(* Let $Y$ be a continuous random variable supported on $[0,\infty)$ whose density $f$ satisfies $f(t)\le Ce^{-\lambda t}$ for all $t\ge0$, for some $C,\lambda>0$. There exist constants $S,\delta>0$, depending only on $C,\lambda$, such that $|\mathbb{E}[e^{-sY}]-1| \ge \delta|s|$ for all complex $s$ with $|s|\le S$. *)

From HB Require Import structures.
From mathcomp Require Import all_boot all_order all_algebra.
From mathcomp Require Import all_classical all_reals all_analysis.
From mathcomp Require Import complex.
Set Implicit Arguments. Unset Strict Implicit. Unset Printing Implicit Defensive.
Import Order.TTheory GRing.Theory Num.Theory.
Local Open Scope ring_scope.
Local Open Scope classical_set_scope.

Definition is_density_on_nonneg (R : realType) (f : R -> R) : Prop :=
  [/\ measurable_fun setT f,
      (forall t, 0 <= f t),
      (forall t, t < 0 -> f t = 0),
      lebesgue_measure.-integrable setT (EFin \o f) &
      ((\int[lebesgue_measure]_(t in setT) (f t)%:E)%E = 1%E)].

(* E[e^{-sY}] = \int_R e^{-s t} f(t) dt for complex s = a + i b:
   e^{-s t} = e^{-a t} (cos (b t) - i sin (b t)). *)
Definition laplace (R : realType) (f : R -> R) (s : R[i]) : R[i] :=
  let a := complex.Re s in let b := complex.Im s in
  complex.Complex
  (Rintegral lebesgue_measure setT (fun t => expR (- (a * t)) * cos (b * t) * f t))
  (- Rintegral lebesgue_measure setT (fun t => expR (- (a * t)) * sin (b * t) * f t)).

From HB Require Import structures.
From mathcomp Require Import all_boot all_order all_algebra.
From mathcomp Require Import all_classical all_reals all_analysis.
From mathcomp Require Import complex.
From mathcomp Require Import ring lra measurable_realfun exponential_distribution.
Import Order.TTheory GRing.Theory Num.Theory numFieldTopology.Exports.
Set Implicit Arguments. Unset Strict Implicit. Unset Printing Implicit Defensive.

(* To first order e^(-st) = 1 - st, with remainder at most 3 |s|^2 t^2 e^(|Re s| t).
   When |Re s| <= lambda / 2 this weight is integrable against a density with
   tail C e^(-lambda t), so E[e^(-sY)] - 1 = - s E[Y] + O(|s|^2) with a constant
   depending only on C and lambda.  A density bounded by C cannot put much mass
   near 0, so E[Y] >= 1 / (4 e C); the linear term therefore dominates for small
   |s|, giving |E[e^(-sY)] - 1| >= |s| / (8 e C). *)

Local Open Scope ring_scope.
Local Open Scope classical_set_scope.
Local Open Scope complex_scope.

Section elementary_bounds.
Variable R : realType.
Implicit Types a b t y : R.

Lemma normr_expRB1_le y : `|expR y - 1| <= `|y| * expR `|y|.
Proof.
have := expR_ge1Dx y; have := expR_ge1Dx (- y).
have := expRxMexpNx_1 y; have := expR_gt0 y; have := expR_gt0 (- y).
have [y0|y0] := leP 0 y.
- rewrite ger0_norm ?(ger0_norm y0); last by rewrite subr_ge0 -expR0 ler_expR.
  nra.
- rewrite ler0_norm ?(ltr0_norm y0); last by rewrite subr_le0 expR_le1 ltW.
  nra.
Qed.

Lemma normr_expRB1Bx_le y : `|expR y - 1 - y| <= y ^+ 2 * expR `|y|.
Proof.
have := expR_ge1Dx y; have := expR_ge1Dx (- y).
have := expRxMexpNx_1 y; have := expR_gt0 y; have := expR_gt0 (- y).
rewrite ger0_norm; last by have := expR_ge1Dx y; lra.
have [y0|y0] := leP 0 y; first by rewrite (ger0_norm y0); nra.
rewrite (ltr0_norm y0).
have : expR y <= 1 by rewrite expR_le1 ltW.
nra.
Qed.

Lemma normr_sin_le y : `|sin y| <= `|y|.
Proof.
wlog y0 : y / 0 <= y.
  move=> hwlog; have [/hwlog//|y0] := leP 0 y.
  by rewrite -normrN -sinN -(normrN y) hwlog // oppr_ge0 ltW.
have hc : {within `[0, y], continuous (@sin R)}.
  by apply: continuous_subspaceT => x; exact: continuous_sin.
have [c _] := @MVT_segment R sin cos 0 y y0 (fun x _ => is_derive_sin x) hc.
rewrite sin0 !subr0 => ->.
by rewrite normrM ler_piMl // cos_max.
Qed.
--
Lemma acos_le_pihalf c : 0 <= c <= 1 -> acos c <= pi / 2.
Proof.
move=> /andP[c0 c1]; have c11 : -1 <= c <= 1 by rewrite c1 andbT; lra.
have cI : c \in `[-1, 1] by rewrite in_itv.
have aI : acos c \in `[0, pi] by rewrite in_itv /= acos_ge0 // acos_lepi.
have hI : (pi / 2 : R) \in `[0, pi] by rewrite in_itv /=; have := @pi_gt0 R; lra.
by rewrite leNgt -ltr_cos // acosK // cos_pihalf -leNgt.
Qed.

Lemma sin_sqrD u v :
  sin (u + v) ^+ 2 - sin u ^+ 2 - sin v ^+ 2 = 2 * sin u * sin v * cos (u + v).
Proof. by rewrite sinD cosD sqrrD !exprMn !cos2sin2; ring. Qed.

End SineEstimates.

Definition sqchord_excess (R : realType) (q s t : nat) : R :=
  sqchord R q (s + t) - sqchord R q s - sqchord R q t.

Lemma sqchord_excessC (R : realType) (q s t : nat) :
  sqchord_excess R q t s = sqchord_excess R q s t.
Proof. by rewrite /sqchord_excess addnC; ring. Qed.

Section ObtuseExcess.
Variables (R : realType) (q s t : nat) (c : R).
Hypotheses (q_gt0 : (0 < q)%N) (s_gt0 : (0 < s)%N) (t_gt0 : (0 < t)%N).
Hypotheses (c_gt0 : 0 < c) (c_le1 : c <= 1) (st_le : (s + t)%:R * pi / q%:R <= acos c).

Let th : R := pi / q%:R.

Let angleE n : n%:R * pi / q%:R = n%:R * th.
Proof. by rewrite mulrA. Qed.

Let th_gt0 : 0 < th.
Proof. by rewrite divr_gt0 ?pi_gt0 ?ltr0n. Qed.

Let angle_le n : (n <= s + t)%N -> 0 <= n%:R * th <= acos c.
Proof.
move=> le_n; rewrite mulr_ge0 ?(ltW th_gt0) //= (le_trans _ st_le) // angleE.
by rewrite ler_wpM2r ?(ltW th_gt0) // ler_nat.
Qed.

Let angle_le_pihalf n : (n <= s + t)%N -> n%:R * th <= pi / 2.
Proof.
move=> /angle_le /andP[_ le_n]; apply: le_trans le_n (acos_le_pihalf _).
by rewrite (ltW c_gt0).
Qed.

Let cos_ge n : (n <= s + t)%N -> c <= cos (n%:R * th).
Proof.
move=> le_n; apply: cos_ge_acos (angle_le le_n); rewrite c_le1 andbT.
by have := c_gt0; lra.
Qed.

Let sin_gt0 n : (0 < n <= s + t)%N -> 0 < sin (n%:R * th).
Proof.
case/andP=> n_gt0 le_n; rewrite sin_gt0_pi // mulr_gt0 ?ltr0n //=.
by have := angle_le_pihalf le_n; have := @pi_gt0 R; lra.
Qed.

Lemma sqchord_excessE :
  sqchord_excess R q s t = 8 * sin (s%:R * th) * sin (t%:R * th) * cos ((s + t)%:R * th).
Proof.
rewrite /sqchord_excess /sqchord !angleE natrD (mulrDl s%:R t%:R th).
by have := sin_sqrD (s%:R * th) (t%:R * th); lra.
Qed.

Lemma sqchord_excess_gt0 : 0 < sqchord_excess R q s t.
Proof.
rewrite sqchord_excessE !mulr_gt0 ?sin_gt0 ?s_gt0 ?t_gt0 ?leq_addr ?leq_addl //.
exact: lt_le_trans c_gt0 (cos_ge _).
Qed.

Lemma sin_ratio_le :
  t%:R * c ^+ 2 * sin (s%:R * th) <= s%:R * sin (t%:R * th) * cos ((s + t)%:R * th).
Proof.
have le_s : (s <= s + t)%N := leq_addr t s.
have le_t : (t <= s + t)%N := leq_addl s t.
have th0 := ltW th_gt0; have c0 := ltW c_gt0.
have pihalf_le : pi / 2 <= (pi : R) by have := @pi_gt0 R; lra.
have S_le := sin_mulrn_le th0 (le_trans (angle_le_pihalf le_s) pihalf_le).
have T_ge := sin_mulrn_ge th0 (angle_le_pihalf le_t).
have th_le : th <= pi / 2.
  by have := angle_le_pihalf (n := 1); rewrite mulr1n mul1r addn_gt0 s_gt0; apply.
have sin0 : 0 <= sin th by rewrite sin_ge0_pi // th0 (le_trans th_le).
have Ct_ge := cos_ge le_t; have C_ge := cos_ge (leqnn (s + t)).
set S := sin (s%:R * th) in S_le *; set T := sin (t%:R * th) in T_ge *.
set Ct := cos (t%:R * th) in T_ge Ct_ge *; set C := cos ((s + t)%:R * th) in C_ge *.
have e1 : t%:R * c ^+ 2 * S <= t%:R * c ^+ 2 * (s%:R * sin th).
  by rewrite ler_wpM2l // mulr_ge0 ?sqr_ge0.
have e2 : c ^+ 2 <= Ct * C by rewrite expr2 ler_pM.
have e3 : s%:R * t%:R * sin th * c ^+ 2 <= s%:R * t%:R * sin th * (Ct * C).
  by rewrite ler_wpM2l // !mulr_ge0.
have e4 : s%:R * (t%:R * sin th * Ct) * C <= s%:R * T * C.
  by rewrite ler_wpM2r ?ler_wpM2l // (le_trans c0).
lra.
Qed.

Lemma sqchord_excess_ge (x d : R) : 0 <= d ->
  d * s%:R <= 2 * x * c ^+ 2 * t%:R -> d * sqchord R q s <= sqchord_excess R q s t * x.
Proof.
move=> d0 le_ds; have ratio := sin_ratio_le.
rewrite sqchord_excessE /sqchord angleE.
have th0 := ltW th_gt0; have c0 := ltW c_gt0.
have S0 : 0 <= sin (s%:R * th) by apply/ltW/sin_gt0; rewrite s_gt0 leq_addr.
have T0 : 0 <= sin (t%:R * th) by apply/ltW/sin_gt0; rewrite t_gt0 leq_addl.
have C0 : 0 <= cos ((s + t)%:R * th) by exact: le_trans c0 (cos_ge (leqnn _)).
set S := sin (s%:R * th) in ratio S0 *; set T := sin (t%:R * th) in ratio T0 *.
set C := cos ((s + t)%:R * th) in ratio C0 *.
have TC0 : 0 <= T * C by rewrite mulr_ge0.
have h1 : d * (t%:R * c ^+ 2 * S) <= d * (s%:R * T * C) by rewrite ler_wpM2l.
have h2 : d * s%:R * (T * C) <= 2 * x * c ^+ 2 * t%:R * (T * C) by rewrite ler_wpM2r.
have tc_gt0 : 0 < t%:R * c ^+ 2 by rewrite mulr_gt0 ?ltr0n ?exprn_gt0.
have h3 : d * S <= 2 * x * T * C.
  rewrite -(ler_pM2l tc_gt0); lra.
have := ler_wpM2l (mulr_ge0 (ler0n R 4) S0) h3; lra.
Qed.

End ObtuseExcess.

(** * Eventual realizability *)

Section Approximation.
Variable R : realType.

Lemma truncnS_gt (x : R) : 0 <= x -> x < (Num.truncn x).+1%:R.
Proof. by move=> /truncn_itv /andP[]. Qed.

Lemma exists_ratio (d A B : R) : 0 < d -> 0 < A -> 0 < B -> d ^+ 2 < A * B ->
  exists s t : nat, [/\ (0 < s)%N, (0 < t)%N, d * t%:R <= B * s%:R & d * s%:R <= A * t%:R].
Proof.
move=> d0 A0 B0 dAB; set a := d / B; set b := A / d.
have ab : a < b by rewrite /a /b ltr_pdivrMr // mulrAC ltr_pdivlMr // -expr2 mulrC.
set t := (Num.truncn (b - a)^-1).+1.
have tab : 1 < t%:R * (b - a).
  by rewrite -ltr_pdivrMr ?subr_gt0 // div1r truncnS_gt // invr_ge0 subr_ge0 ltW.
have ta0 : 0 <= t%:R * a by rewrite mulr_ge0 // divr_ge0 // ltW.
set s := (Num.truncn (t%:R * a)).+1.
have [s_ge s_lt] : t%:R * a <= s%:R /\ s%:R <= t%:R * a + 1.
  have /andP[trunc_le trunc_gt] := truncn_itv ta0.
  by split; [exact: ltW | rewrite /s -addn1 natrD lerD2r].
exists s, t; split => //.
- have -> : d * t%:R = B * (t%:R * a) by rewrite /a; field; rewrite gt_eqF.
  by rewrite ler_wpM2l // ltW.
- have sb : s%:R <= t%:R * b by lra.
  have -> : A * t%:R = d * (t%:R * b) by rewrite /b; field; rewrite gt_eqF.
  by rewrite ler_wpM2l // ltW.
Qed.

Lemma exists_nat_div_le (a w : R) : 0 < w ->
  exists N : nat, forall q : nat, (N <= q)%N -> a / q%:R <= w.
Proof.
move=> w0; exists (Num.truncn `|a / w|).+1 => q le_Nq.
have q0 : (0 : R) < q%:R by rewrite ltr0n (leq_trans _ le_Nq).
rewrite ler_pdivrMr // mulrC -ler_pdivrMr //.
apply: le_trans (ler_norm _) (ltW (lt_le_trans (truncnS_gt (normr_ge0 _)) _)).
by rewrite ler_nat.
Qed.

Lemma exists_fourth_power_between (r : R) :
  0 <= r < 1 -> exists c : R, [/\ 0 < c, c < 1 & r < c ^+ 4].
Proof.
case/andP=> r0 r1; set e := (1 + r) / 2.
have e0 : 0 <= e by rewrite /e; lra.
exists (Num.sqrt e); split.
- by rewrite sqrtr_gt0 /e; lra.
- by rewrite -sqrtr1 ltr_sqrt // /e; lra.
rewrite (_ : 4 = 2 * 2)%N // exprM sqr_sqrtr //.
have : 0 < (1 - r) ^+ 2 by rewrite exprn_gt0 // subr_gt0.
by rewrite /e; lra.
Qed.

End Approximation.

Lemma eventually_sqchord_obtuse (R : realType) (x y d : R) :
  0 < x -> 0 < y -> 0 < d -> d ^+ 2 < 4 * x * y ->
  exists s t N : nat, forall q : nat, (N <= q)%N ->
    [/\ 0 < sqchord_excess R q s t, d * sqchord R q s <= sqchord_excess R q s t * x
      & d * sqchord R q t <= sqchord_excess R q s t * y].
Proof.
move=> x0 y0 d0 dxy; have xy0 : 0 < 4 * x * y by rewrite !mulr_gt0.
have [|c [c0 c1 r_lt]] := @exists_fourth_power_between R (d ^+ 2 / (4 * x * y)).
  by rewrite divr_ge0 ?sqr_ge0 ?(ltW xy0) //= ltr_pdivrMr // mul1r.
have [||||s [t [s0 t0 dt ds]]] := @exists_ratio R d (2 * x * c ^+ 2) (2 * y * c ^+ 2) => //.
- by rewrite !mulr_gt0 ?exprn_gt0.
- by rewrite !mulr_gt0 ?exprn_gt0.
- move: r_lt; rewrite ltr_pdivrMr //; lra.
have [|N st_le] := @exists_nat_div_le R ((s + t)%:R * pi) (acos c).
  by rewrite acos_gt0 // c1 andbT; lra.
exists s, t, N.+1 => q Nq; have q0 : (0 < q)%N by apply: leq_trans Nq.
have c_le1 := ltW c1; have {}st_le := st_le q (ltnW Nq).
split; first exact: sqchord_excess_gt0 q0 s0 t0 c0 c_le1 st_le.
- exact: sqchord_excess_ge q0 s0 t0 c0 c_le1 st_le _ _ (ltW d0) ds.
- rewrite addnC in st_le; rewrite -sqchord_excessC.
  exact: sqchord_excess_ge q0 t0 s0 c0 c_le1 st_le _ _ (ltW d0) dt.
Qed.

■ EXERCISE REQUIREMENTS ■
Nothing but the lines above from the one containing "have ta0 : 0" through the one containing "move=> x0 y0" should appear in the answer, each repeated exactly.

■ RESPONSE TO THE TASK ■
have ta0 : 0 <= t%:R * a by rewrite mulr_ge0 // divr_ge0 // ltW.
set s := (Num.truncn (t%:R * a)).+1.
have [s_ge s_lt] : t%:R * a <= s%:R /\ s%:R <= t%:R * a + 1.
  have /andP[trunc_le trunc_gt] := truncn_itv ta0.
  by split; [exact: ltW | rewrite /s -addn1 natrD lerD2r].
exists s, t; split => //.
- have -> : d * t%:R = B * (t%:R * a) by rewrite /a; field; rewrite gt_eqF.
  by rewrite ler_wpM2l // ltW.
- have sb : s%:R <= t%:R * b by lra.
  have -> : A * t%:R = d * (t%:R * b) by rewrite /b; field; rewrite gt_eqF.
  by rewrite ler_wpM2l // ltW.
Qed.

Lemma exists_nat_div_le (a w : R) : 0 < w ->
  exists N : nat, forall q : nat, (N <= q)%N -> a / q%:R <= w.
Proof.
move=> w0; exists (Num.truncn `|a / w|).+1 => q le_Nq.
have q0 : (0 : R) < q%:R by rewrite ltr0n (leq_trans _ le_Nq).
rewrite ler_pdivrMr // mulrC -ler_pdivrMr //.
apply: le_trans (ler_norm _) (ltW (lt_le_trans (truncnS_gt (normr_ge0 _)) _)).
by rewrite ler_nat.
Qed.

Lemma exists_fourth_power_between (r : R) :
  0 <= r < 1 -> exists c : R, [/\ 0 < c, c < 1 & r < c ^+ 4].
Proof.
case/andP=> r0 r1; set e := (1 + r) / 2.
have e0 : 0 <= e by rewrite /e; lra.
exists (Num.sqrt e); split.
- by rewrite sqrtr_gt0 /e; lra.
- by rewrite -sqrtr1 ltr_sqrt // /e; lra.
rewrite (_ : 4 = 2 * 2)%N // exprM sqr_sqrtr //.
have : 0 < (1 - r) ^+ 2 by rewrite exprn_gt0 // subr_gt0.
by rewrite /e; lra.
Qed.

End Approximation.

Lemma eventually_sqchord_obtuse (R : realType) (x y d : R) :
  0 < x -> 0 < y -> 0 < d -> d ^+ 2 < 4 * x * y ->
  exists s t N : nat, forall q : nat, (N <= q)%N ->
    [/\ 0 < sqchord_excess R q s t, d * sqchord R q s <= sqchord_excess R q s t * x
      & d * sqchord R q t <= sqchord_excess R q s t * y].
Proof.
move=> x0 y0 d0 dxy; have xy0 : 0 < 4 * x * y by rewrite !mulr_gt0.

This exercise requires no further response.